Here's a probabilistic proof. Let $X_t$ ($t=0,1,\ldots$) be a Markov process on the positive integers with $X_0=1$ and, for each $t\ge0$, $$ X_{t+1}=\begin{cases} 2X_t,&\text{with probability }1/2,\\ 3X_t,&\text{with probability }1/3,\\ 6X_t,&\text{with probability }1/6. \end{cases} $$ If we let $p_t(n)=\mathbb{P}(X_t=n)$ then we see that $$ p_{t+1}(n)=1_{\{2\mid n\}}p_t(n/2)/2+1_{\{3\mid n\}}p_t(n/3)/3+1_{\{6\mid n\}}p_t(n/6)/6. $$ Summing over $t$ gives the probability that $X$ ever visits state $n$. $$ p(n)=\mathbb{E}\left[\sum_t1_{\{X_t=n\}}\right]=\sum_t\mathbb{P}(X_t=n)=\sum_tp_t(n). $$ This satisfies $$ p(n)=\frac121_{\{2\mid n\}}p(n/2)+\frac131_{\{3\mid n\}}p(n/3)+\frac161_{\{6\mid n\}}p(n/6) $$ for $n\gt1$ and $p(1)=1$. Now, let $a_n$ be the sequence defined in the question and set $b_n=a_n-a_{n-1}$. This satisfies $b_1=2$ and $b_n=1_{\{2\mid n\}}b_{n/2}+1_{\{3\mid n\}}b_{n/3}+1_{\{6\mid n\}}b_{n/6}$ for $n > 1$. We then see that $b_n$ satisfies the same initial condition and recurrence relation as $2np(n)$, so $b_n=2np(n)$. Hence, $$ \begin{array}{ccr} \begin{align} \frac{a_N-1}{N}&=\frac2N\sum_{n=1}^Nnp(n)=\frac2N\sum_{n=1}^N\mathbb{E}\left[\sum_tn1_{\{X_t=n\}}\right]\\ &=\frac2N\mathbb{E}\left[\sum_tX_t1_{\{X_t\le N\}}\right]. \end{align}&&{\rm(1)} \end{array} $$ The last equality here is obtained by moving the sum over $n$ inside the expectation and commuting with the integral.

We can compute (1) in the limit as $N\to\infty$ using renewal theory.

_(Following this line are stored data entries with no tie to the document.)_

(* Let $a>0$ with $a\sqrt{2}<\pi/2$, and let $(T,g_c)$ be the singular torus defined below. Then the systole of $(T,g_c)$ equals $\min\{4a,\ 2\pi\cos(a\sqrt{2})\}$.
   Context: Let $\Delta\subset\mathbb{R}^2$ be the square lattice generated by $(2a,0)$ and $(0,2a)$. On $\mathbb{R}^3$ with coordinates $(x,y,z)$ consider the continuous Riemannian metric $h=dx^2+dy^2+\cos^2\!\big(\mathrm{dist}((x,y),\Delta)\big)\,dz^2$, where $\mathrm{dist}$ is the Euclidean distance in $\mathbb{R}^2$ (the assumption $a\sqrt2<\pi/2$ guarantees this distance is $<\pi/2$, so the coefficient is positive). The length of a piecewise smooth curve $\gamma$ is $\int (h(\gamma',\gamma'))^{1/2}dt$. $(T,g_c)$ is the quotient of $(\mathbb{R}^3,h)$ by the group generated by the translations $(x,y,z)\mapsto(x+4a,y,z)$, $(x,y,z)\mapsto(x,y+4a,z)$, $(x,y,z)\mapsto(x,y,z+2\pi)$; $h$ is invariant under these and descends to a metric $g_c$. The systole is the infimum of the lengths of non-contractible piecewise smooth closed curves in $(T,g_c)$. *)

From Stdlib Require Import Reals ZArith Lra.
From Coquelicot Require Import Coquelicot.
Open Scope R_scope.

Definition lattice_dist (a x y : R) : R :=
  real (Glb_Rbar (fun d => exists m n : Z,
          d = sqrt ((x - 2 * a * IZR m) ^ 2 + (y - 2 * a * IZR n) ^ 2))).

Definition h_norm (a x y vx vy vz : R) : R :=
  sqrt (vx ^ 2 + vy ^ 2 + (cos (lattice_dist a x y)) ^ 2 * vz ^ 2).

Definition smooth (f : R -> R) : Prop :=
  forall (k : nat) (t : R), ex_derive (Derive_n f k) t.

(** A curve [0,1] -> R^3 (a lift of a curve in T), together with
    a partition 0 = t_0 < ... < t_n = 1 and smooth pieces. *)
Record curve3 := {
  cx : R -> R; cy : R -> R; cz : R -> R;
  npieces : nat;
  part : nat -> R;
  px : nat -> R -> R; py : nat -> R -> R; pz : nat -> R -> R }.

The random variables $U_t=\log(X_t/X_{t-1})$ are independent and identically distributed with $\mathbb{P}(U_t=\log a)=a^{-1}$ for $a\in\{2,3,6\}$. It has mean $c\equiv\mathbb{E}[U_t]=(\log 432)/6$. In terms of the process $Y_t=U_1+\cdots+U_t$, (1) becomes $$ \frac{a_N}N=2\mathbb{E}\left[\sum_t 1_{\{Y_t-\log N\le0\}}e^{Y_t-\log N}\right]+\frac1N. $$ The renewal theorem says that, in the limit as $\log N\to\infty$, this converges to $$ 2c^{-1}\int_{-\infty}^\infty 1_{\{y\le0\}}e^ydy=\frac2c=\frac{12}{\log 432}. $$ I'm using the version of the renewal theorem stated in Kallenberg, Foundations of Modern Probability (Second Ed.), Theorem 9.20, and also known as the Key Renewal Theorem. The precondition on the distribution of $U_t$ for this to apply (other than integrability) is that its support is not contained in $\alpha\mathbb{Z}$ for any $\alpha$. This is true as the ratios of $\log2,\log3,\log6$ are not all rational.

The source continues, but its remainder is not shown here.